RACHAEL. James Hamilton came. Ah, how unprepared I was! That I--_I_ should ever look upon another man except with loathing! Sixty and twenty--perhaps somewhere between is the age of wisdom! And the law holds me fast to a man who is not fit to live! All nature awoke in me and sang the hour I met Hamilton. For the first time I loved children, and longed for them. For the first time I saw God in man. For the first time the future seemed vast, interminable, yet all too short. And if I go to this man who has made me feel great and wonderful enough to bear a demi-god, a wretch can divorce and disgrace me! Oh, these four terrible weeks--ecstasy, despair--ecstasy, despair--and to the world as unblinking as a marble in a museum! Do you wonder that I welcome the hurricane, in which no man dare think of any but his puny self? For the moment I am free, and as alive, as triumphant as that great wind outside--as eager to devastate, to fight, to conquer, to live--to live--to live. What do I care for civilization? If James Hamilton were out there among the flying trees and called to me, I would go. Hark! Listen! Is it not magnificent?
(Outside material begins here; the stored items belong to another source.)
(* Let $A$ be a unital C$^*$-algebra with the QTS property. Assume that $A$ has a unique tracial state and that this tracial state is faithful. Then $A$ is simple.
   Context: A unital C$^*$-algebra $A$ has the QTS property if for every proper closed two-sided ideal $J$ of $A$, the quotient $A/J$ admits a tracial state. *)

From HB Require Import structures.
From mathcomp Require Import all_boot all_order all_algebra.
From mathcomp Require Import complex.
From mathcomp Require Import all_classical all_reals all_analysis.
Set Implicit Arguments. Unset Strict Implicit. Unset Printing Implicit Defensive.
Import Order.TTheory GRing.Theory Num.Theory.
Import numFieldNormedType.Exports.
Local Open Scope ring_scope.
Local Open Scope complex_scope.
Local Open Scope classical_set_scope.

(** Hierarchy-Builder does not allow
    joining the ring hierarchy with the normed-module hierarchy here, so the
    unital algebra structure, the involution and all the C*-axioms are given
    as an explicit record [cstar_alg A] on top of the Banach space: an
    associative unital C-bilinear multiplication with submultiplicative norm,
    a conjugate-linear anti-multiplicative involution, and the C*-identity
    ||x^* x|| = ||x||^2. *)
Record cstar_alg (R : realType) (A : completeNormedModType R[i]) := CStarAlg {
  cmul : A -> A -> A;
  cone : A;
  cstar : A -> A;
  cmulA : forall x y z, cmul x (cmul y z) = cmul (cmul x y) z;
  cmul1x : forall x, cmul cone x = x;
  cmulx1 : forall x, cmul x cone = x;
  cmulDl : forall x y z, cmul (x + y) z = cmul x z + cmul y z;
  cmulDr : forall x y z, cmul x (y + z) = cmul x y + cmul x z;
  cmulZl : forall (c : R[i]) x y, cmul (c *: x) y = c *: cmul x y;
  cmulZr : forall (c : R[i]) x y, cmul x (c *: y) = c *: cmul x y;
  cnormM : forall x y, `|cmul x y| <= `|x| * `|y|;
  cstarK : forall x, cstar (cstar x) = x;
  cstarD : forall x y, cstar (x + y) = cstar x + cstar y;
  cstarZ : forall (c : R[i]) x, cstar (c *: x) = (c^*)%C *: cstar x;
  cstarM : forall x y, cstar (cmul x y) = cmul (cstar y) (cstar x);
  cstar_identity : forall x, `|cmul (cstar x) x| = `|x| ^+ 2
}.

Section Defs.
Variables (R : realType) (A : completeNormedModType R[i]) (S : cstar_alg A).

Local Notation mul := (cmul S).
Local Notation star := (cstar S).

Definition lin_functional (tau : A -> R[i]) : Prop :=
  forall (c : R[i]) (x y : A), tau (c *: x + y) = (c * tau x + tau y)%R.

(** A state on the unital C*-algebra A: a positive linear functional with
    tau 1 = 1 (for unital C*-algebras this is equivalent to: positive linear
    functional of norm one; boundedness is automatic).  Positivity:
    tau(x^* x) >= 0 in the partial order of C, i.e. a nonnegative real. *)
Definition is_state (tau : A -> R[i]) : Prop :=
  [/\ lin_functional tau,
      (forall x : A, 0 <= tau (mul (star x) x))%R &
      tau (cone S) = 1%R].

Definition is_tracial_state (tau : A -> R[i]) : Prop :=
  is_state tau /\ forall x y : A, tau (mul x y) = tau (mul y x).

Definition faithful_functional (tau : A -> R[i]) : Prop :=
  forall x : A, tau (mul (star x) x) = 0%R -> x = 0%R.

Definition closed_ideal (J : set A) : Prop :=
  [/\ J 0%R,
      (forall x y, J x -> J y -> J (x - y)%R),
      (forall a x, J x -> J (mul a x)),
      (forall a x, J x -> J (mul x a)) &
      closed J].

Definition proper_ideal (J : set A) : Prop := J != setT.

(** A tracial state on the quotient
    C*-algebra A/J is exactly a tracial state on A that vanishes on J
    (compose with the quotient map q : A -> A/J, which is a surjective unital
    *-homomorphism with q(x)^* q(x) = q(x^* x)). *)
Definition quotient_has_tracial_state (J : set A) : Prop :=
  exists tau : A -> R[i], is_tracial_state tau /\ forall x, J x -> tau x = 0%R.

Definition QTS : Prop :=
  forall J : set A, closed_ideal J -> proper_ideal J ->
    quotient_has_tracial_state J.

Definition simple_cstar : Prop :=
  forall J : set A, closed_ideal J -> J = [set 0%R] \/ J = setT.

End Defs.

From Pilot Require Import Defs.
From HB Require Import structures.
From mathcomp Require Import all_boot all_order all_algebra.
From mathcomp Require Import complex.
From mathcomp Require Import all_classical all_reals all_analysis.
Local Open Scope ring_scope.
Local Open Scope classical_set_scope.

(* A proper closed ideal J carries a tracial state vanishing on it (QTS); by
   uniqueness this is the faithful trace tau.  For x in J, also x^* x lies in
   J, so tau (x^* x) = 0 and faithfulness gives x = 0.  Hence J = 0. *)

Section FaithfulVanishing.
Variables (R : realType) (A : completeNormedModType R[i]) (S : cstar_alg A).

Lemma faithful_vanishing_left_ideal_eq0 (tau : A -> R[i]) (J : set A) :
  faithful_functional S tau -> J 0 ->
  (forall a x, J x -> J (cmul S a x)) ->
  (forall x, J x -> tau x = 0) ->
  J = [set 0].
Proof.
move=> faithful_tau J0 J_mull tauJ0; apply/seteqP; split=> x /=; last by move->.
by move=> Jx; apply: faithful_tau; apply: tauJ0; apply: J_mull.
Qed.

End FaithfulVanishing.

Theorem theorem2p2 (R : realType) (A : completeNormedModType R[i])
    (S : cstar_alg A) :
  QTS S ->
  (exists tau : A -> R[i], is_tracial_state S tau /\
     (forall sigma : A -> R[i], is_tracial_state S sigma -> sigma = tau) /\
     faithful_functional S tau) ->
  simple_cstar S.
Proof.
move=> qts [tau [_ [tau_unique faithful_tau]]] J J_ideal.
have [->|J_ne] := pselect (J = setT); first by right.
have J_proper : Defs.proper_ideal J by rewrite /Defs.proper_ideal; case: eqP.
have [sigma [sigma_trace sigmaJ0]] := qts J J_ideal J_proper.
rewrite (tau_unique sigma sigma_trace) in sigmaJ0.
case: J_ideal => J0 _ J_mull _ _.
by left; exact: faithful_vanishing_left_ideal_eq0 faithful_tau J0 J_mull sigmaJ0.
Qed.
[The hurricane is nearer and louder. The approaching roar is varied by sudden tremendous gusts, the hissing and splashing of water, the howling of negroes and dogs, the wild pealing of bells. In the room below is heard the noise of many trampling feet, slamming of windows, and smothered exclamations.]

MISTRESS FAWCETT. The negroes have taken refuge in the cellar--every one of them, beyond a doubt, two hundred and more! God grant they do not die of fright or suffocation. It is useless to attempt to coax them up here. These only wait until our backs are turned. Look!

[The slaves have crawled to the door on the left. They are livid. Their tongues hang out. Rachael runs forward, seizes them by their long hair, and administers a severe shaking.]

RACHAEL. Wake up! Wake up! We need your help. The windows must be watched every moment.